Exercise objective:
In full and without edits, write out the data that follows.

[Collected data]
>>>>
Lemma exists_drift_function (a0 : Sigma) :
  positive_bernoulli p -> strongly_connected delta -> F != finset.set0 ->
  exists (lam : R) (h : Q -> R), [/\ 0 <= lam < 1, forall q, 1 <= h q <= 4 &
    forall q, (\esum_(a in [set: Sigma]) (p a * discount F q * h (delta q a))%:E
               <= (lam * h q)%:E)%E].
Proof.
move=> pb sc Fne; have [p01 _] := pb.
have [d [aq descent_aq]] := distance_to_accepting a0 sc Fne.
have /set0Pn [f fF] := Fne.
pose pi := \prod_(q : Q) p (aq q).
have pi0 : 0 < pi by apply: prodr_gt0 => q _; have /andP[] := p01 (aq q).
have piq q : pi <= p (aq q).
  rewrite /pi (bigD1 q) //=; apply: ler_piMr; first by have /andP[/ltW] := p01 (aq q).
  by apply: prodr_ile1 => i _; have /andP[/ltW -> ->] := p01 (aq i).
pose r := pi / 2; pose N := (\max_(q : Q) d q)%N.
have r0 : 0 < r by rewrite divr_gt0.
have rh : r <= 2^-1 by have := piq f; have /andP[_] := p01 (aq f); rewrite /r; lra.
have aq_likely q : 2 * r <= p (aq q) by have := piq q; rewrite /r; lra.
have dN q : (d q <= N)%N by apply: leq_bigmax.
have rN0 : 0 < r ^+ N by apply: exprn_gt0.
have rk k : r ^+ k <= 1 by apply: exprn_ile1; [rewrite ltW | lra].
exists (1 - r ^+ N / 4), (fun q => 4 - r ^+ d q); split.
- by apply/andP; split; have := rk N; lra.
- move=> q; have := rk (d q); have : 0 < r ^+ d q by rewrite exprn_gt0.
  by move=> ? ?; apply/andP; split; lra.
- exact: drift_inequality pb descent_aq dN r0 rh aq_likely.
Qed.

End DriftFunction.

Lemma exists_block_length (R : realType) (lam : R) : 0 <= lam < 1 ->
  exists K : nat, (0 < K)%N /\ lam ^+ K <= 4^-1.
Proof.
move=> /andP[lam0 lam1].
have lam_cvg : (GRing.exp lam : R ^nat) @ \oo --> 0 by apply: cvg_expr; rewrite ger0_norm.
have [K0 _ HK0] : \forall t \near \oo, `|lam ^+ t| < 4^-1.
  by apply: cvgr0_norm_lt lam_cvg _ _; rewrite invr_gt0.
exists K0.+1; split => //.
by have := HK0 K0.+1 (leqnSn K0); rewrite ger0_norm ?exprn_ge0 // => /ltW.
Qed.

Lemma expr_block_le (R : realType) (lam : R) (K n : nat) :
  0 <= lam <= 1 -> lam ^+ K <= 4^-1 -> lam ^+ n <= (4^-1) ^+ (n %/ K).
Proof.
move=> /andP[lam0 lam1] lamK; apply: (@le_trans _ _ (lam ^+ (n %/ K * K))).
  by apply: ler_wiXn2l => //; exact: leq_divM.
by rewrite mulnC exprM; apply: lerXn2r; rewrite ?nnegrE ?exprn_ge0.
Qed.

Lemma half_block_cvg (R : realType) (K : nat) (C : R) : (0 < K)%N ->
  (fun n : nat => (C * (2^-1) ^+ (n %/ K))%:E) @ \oo --> 0%:E.
Proof.
move=> K0; apply: cvg_EFin; first exact: nearW.
have blocks_cvg : (fun n : nat => (n %/ K)%N) @ \oo --> \oo.
  apply/cvgnyPge => A; near=> n.
  rewrite leq_divRL //; near: n; exact: nbhs_infty_ge.
have half_cvg : (GRing.exp (2^-1 : R) : R ^nat) @ \oo --> 0.
  by apply: cvg_expr; rewrite ger0_norm ?invr_ge0 // invf_lt1 // ltr1n.
have := cvgMl_tmp (a := C) (cvg_comp _ _ blocks_cvg half_cvg); rewrite mulr0; exact.
Unshelve. all: end_near.
Qed.

Lemma mu_E_n_decay (R : realType) (Sigma : countType) (p : Sigma -> R)
  (Q : finType) (delta : Q -> Sigma -> Q) (F : {set Q})
  (lam : R) (h : Q -> R) (K n : nat) (b : R) :
  (forall a, 0 <= p a) -> 0 <= lam < 1 -> (forall q, 1 <= h q <= 4) ->
  (forall q, (\esum_(a in [set: Sigma]) (p a * discount F q * h (delta q a))%:E
               <= (lam * h q)%:E)%E) ->
  (0 < K)%N -> lam ^+ K <= 4^-1 -> b * K%:R <= 1 ->
  (mu_p p (E_n delta F n b) <= ((#|Q|%:R * 4) * (2^-1) ^+ (n %/ K))%:E)%E.
Proof.
move=> p0 /andP[lam0 lam1] h14 drift K0 lamK bK; set j := (n %/ K)%N.
have h1 q : 1 <= h q by have /andP[] := h14 q.
have mass_le q := discounted_mass_geometric p0 lam0 h1 drift n q.
have lamn : lam ^+ n <= (4^-1) ^+ j by apply: expr_block_le; rewrite // lam0 ltW.
have term_le q : (((2 : R) ^+ j)%:E * discounted_mass p delta F n q <=
    (4 * (2^-1) ^+ j : R)%:E)%E.
  apply: le_trans; first by apply: lee_wpmul2l (mass_le q); rewrite lee_fin exprn_ge0.
  rewrite -EFinM lee_fin; have /andP[_ h4] := h14 q.
  have -> : (2^-1 : R) ^+ j = 2 ^+ j * (4^-1) ^+ j.
    by rewrite -exprMn; congr (_ ^+ _); field.
  rewrite [leRHS]mulrCA ler_wpM2l ?exprn_ge0 // [leRHS]mulrC.
  by rewrite ler_pM ?exprn_ge0 //; apply: le_trans (h1 q).
apply: le_trans (mu_E_n_chernoff delta F p0 n K0 bK) _.
apply: le_trans; first by apply: lee_sum => q _; exact: term_le.
by rewrite sumEFin lee_fin sumr_const -mulrA !mulr_natl.
Qed.

Theorem lemma5p4 (R : realType) (Sigma : countType) (a0 : Sigma)
  (p : Sigma -> R) (Q : finType) (delta : Q -> Sigma -> Q) (q_s : Q)
  (F : {set Q}) :
  positive_bernoulli p ->
  strongly_connected delta ->
  F != finset.set0 ->
  exists c : R, 0 < c /\
    forall eps : R, 0 < eps ->
      (fun n : nat => mu_p p (E_n delta F n (c - eps))) @ \oo --> 0%:E.
Proof.
move=> pb sc Fne.
have p0 a : 0 <= p a by have [/(_ a) /andP[/ltW]] := pb.
have [lam [h [lam01 h14 drift]]] := exists_drift_function a0 pb sc Fne.
have [K [K0 lamK]] := exists_block_length lam01.
exists K%:R^-1; split; first by rewrite invr_gt0 ltr0n.
move=> eps eps0.
have bK : (K%:R^-1 - eps) * K%:R <= 1.
  rewrite mulrBl mulVf; last by rewrite pnatr_eq0 -lt0n.
  by rewrite gerBl mulr_ge0 ?ler0n ?ltW.
apply: (@squeeze_cvge _ _ _ _ (fun=> 0%E) _
   (fun n => ((#|Q|%:R * 4) * (2^-1) ^+ (n %/ K))%:E)); last 2 first.
- exact: cvg_cst.
- exact: half_block_cvg.
apply: nearW => n; apply/andP; split.
  by apply: esum_ge0 => w _; rewrite lee_fin mu_word_ge0.
exact: mu_E_n_decay p0 lam01 h14 drift K0 lamK bK.
Qed.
<<<<
Solved exercise:
Lemma exists_drift_function (a0 : Sigma) :
  positive_bernoulli p -> strongly_connected delta -> F != finset.set0 ->
  exists (lam : R) (h : Q -> R), [/\ 0 <= lam < 1, forall q, 1 <= h q <= 4 &
    forall q, (\esum_(a in [set: Sigma]) (p a * discount F q * h (delta q a))%:E
               <= (lam * h q)%:E)%E].
Proof.
move=> pb sc Fne; have [p01 _] := pb.
have [d [aq descent_aq]] := distance_to_accepting a0 sc Fne.
have /set0Pn [f fF] := Fne.
pose pi := \prod_(q : Q) p (aq q).
have pi0 : 0 < pi by apply: prodr_gt0 => q _; have /andP[] := p01 (aq q).
have piq q : pi <= p (aq q).
  rewrite /pi (bigD1 q) //=; apply: ler_piMr; first by have /andP[/ltW] := p01 (aq q).
  by apply: prodr_ile1 => i _; have /andP[/ltW -> ->] := p01 (aq i).
pose r := pi / 2; pose N := (\max_(q : Q) d q)%N.
have r0 : 0 < r by rewrite divr_gt0.
have rh : r <= 2^-1 by have := piq f; have /andP[_] := p01 (aq f); rewrite /r; lra.
have aq_likely q : 2 * r <= p (aq q) by have := piq q; rewrite /r; lra.
have dN q : (d q <= N)%N by apply: leq_bigmax.
have rN0 : 0 < r ^+ N by apply: exprn_gt0.
have rk k : r ^+ k <= 1 by apply: exprn_ile1; [rewrite ltW | lra].
exists (1 - r ^+ N / 4), (fun q => 4 - r ^+ d q); split.
- by apply/andP; split; have := rk N; lra.
- move=> q; have := rk (d q); have : 0 < r ^+ d q by rewrite exprn_gt0.
  by move=> ? ?; apply/andP; split; lra.
- exact: drift_inequality pb descent_aq dN r0 rh aq_likely.
Qed.

End DriftFunction.

Lemma exists_block_length (R : realType) (lam : R) : 0 <= lam < 1 ->
  exists K : nat, (0 < K)%N /\ lam ^+ K <= 4^-1.
Proof.
move=> /andP[lam0 lam1].
have lam_cvg : (GRing.exp lam : R ^nat) @ \oo --> 0 by apply: cvg_expr; rewrite ger0_norm.
have [K0 _ HK0] : \forall t \near \oo, `|lam ^+ t| < 4^-1.
  by apply: cvgr0_norm_lt lam_cvg _ _; rewrite invr_gt0.
exists K0.+1; split => //.
by have := HK0 K0.+1 (leqnSn K0); rewrite ger0_norm ?exprn_ge0 // => /ltW.
Qed.

Lemma expr_block_le (R : realType) (lam : R) (K n : nat) :
  0 <= lam <= 1 -> lam ^+ K <= 4^-1 -> lam ^+ n <= (4^-1) ^+ (n %/ K).
Proof.
move=> /andP[lam0 lam1] lamK; apply: (@le_trans _ _ (lam ^+ (n %/ K * K))).
  by apply: ler_wiXn2l => //; exact: leq_divM.
by rewrite mulnC exprM; apply: lerXn2r; rewrite ?nnegrE ?exprn_ge0.
Qed.

Lemma half_block_cvg (R : realType) (K : nat) (C : R) : (0 < K)%N ->
  (fun n : nat => (C * (2^-1) ^+ (n %/ K))%:E) @ \oo --> 0%:E.
Proof.
move=> K0; apply: cvg_EFin; first exact: nearW.
have blocks_cvg : (fun n : nat => (n %/ K)%N) @ \oo --> \oo.
  apply/cvgnyPge => A; near=> n.
  rewrite leq_divRL //; near: n; exact: nbhs_infty_ge.
have half_cvg : (GRing.exp (2^-1 : R) : R ^nat) @ \oo --> 0.
  by apply: cvg_expr; rewrite ger0_norm ?invr_ge0 // invf_lt1 // ltr1n.
have := cvgMl_tmp (a := C) (cvg_comp _ _ blocks_cvg half_cvg); rewrite mulr0; exact.
Unshelve. all: end_near.
Qed.

Lemma mu_E_n_decay (R : realType) (Sigma : countType) (p : Sigma -> R)
  (Q : finType) (delta : Q -> Sigma -> Q) (F : {set Q})
  (lam : R) (h : Q -> R) (K n : nat) (b : R) :
  (forall a, 0 <= p a) -> 0 <= lam < 1 -> (forall q, 1 <= h q <= 4) ->
  (forall q, (\esum_(a in [set: Sigma]) (p a * discount F q * h (delta q a))%:E
               <= (lam * h q)%:E)%E) ->
  (0 < K)%N -> lam ^+ K <= 4^-1 -> b * K%:R <= 1 ->
  (mu_p p (E_n delta F n b) <= ((#|Q|%:R * 4) * (2^-1) ^+ (n %/ K))%:E)%E.
Proof.
move=> p0 /andP[lam0 lam1] h14 drift K0 lamK bK; set j := (n %/ K)%N.
have h1 q : 1 <= h q by have /andP[] := h14 q.
have mass_le q := discounted_mass_geometric p0 lam0 h1 drift n q.
have lamn : lam ^+ n <= (4^-1) ^+ j by apply: expr_block_le; rewrite // lam0 ltW.
have term_le q : (((2 : R) ^+ j)%:E * discounted_mass p delta F n q <=
    (4 * (2^-1) ^+ j : R)%:E)%E.
  apply: le_trans; first by apply: lee_wpmul2l (mass_le q); rewrite lee_fin exprn_ge0.
  rewrite -EFinM lee_fin; have /andP[_ h4] := h14 q.
  have -> : (2^-1 : R) ^+ j = 2 ^+ j * (4^-1) ^+ j.
    by rewrite -exprMn; congr (_ ^+ _); field.
  rewrite [leRHS]mulrCA ler_wpM2l ?exprn_ge0 // [leRHS]mulrC.
  by rewrite ler_pM ?exprn_ge0 //; apply: le_trans (h1 q).
apply: le_trans (mu_E_n_chernoff delta F p0 n K0 bK) _.
apply: le_trans; first by apply: lee_sum => q _; exact: term_le.
by rewrite sumEFin lee_fin sumr_const -mulrA !mulr_natl.
Qed.

Theorem lemma5p4 (R : realType) (Sigma : countType) (a0 : Sigma)
  (p : Sigma -> R) (Q : finType) (delta : Q -> Sigma -> Q) (q_s : Q)
  (F : {set Q}) :
  positive_bernoulli p ->
  strongly_connected delta ->
  F != finset.set0 ->
  exists c : R, 0 < c /\
    forall eps : R, 0 < eps ->
      (fun n : nat => mu_p p (E_n delta F n (c - eps))) @ \oo --> 0%:E.
Proof.
move=> pb sc Fne.
have p0 a : 0 <= p a by have [/(_ a) /andP[/ltW]] := pb.
have [lam [h [lam01 h14 drift]]] := exists_drift_function a0 pb sc Fne.
have [K [K0 lamK]] := exists_block_length lam01.
exists K%:R^-1; split; first by rewrite invr_gt0 ltr0n.
move=> eps eps0.
have bK : (K%:R^-1 - eps) * K%:R <= 1.
  rewrite mulrBl mulVf; last by rewrite pnatr_eq0 -lt0n.
  by rewrite gerBl mulr_ge0 ?ler0n ?ltW.
apply: (@squeeze_cvge _ _ _ _ (fun=> 0%E) _
   (fun n => ((#|Q|%:R * 4) * (2^-1) ^+ (n %/ K))%:E)); last 2 first.
- exact: cvg_cst.
- exact: half_block_cvg.
apply: nearW => n; apply/andP; split.
  by apply: esum_ge0 => w _; rewrite lee_fin mu_word_ge0.
exact: mu_E_n_decay p0 lam01 h14 drift K0 lamK bK.
Qed.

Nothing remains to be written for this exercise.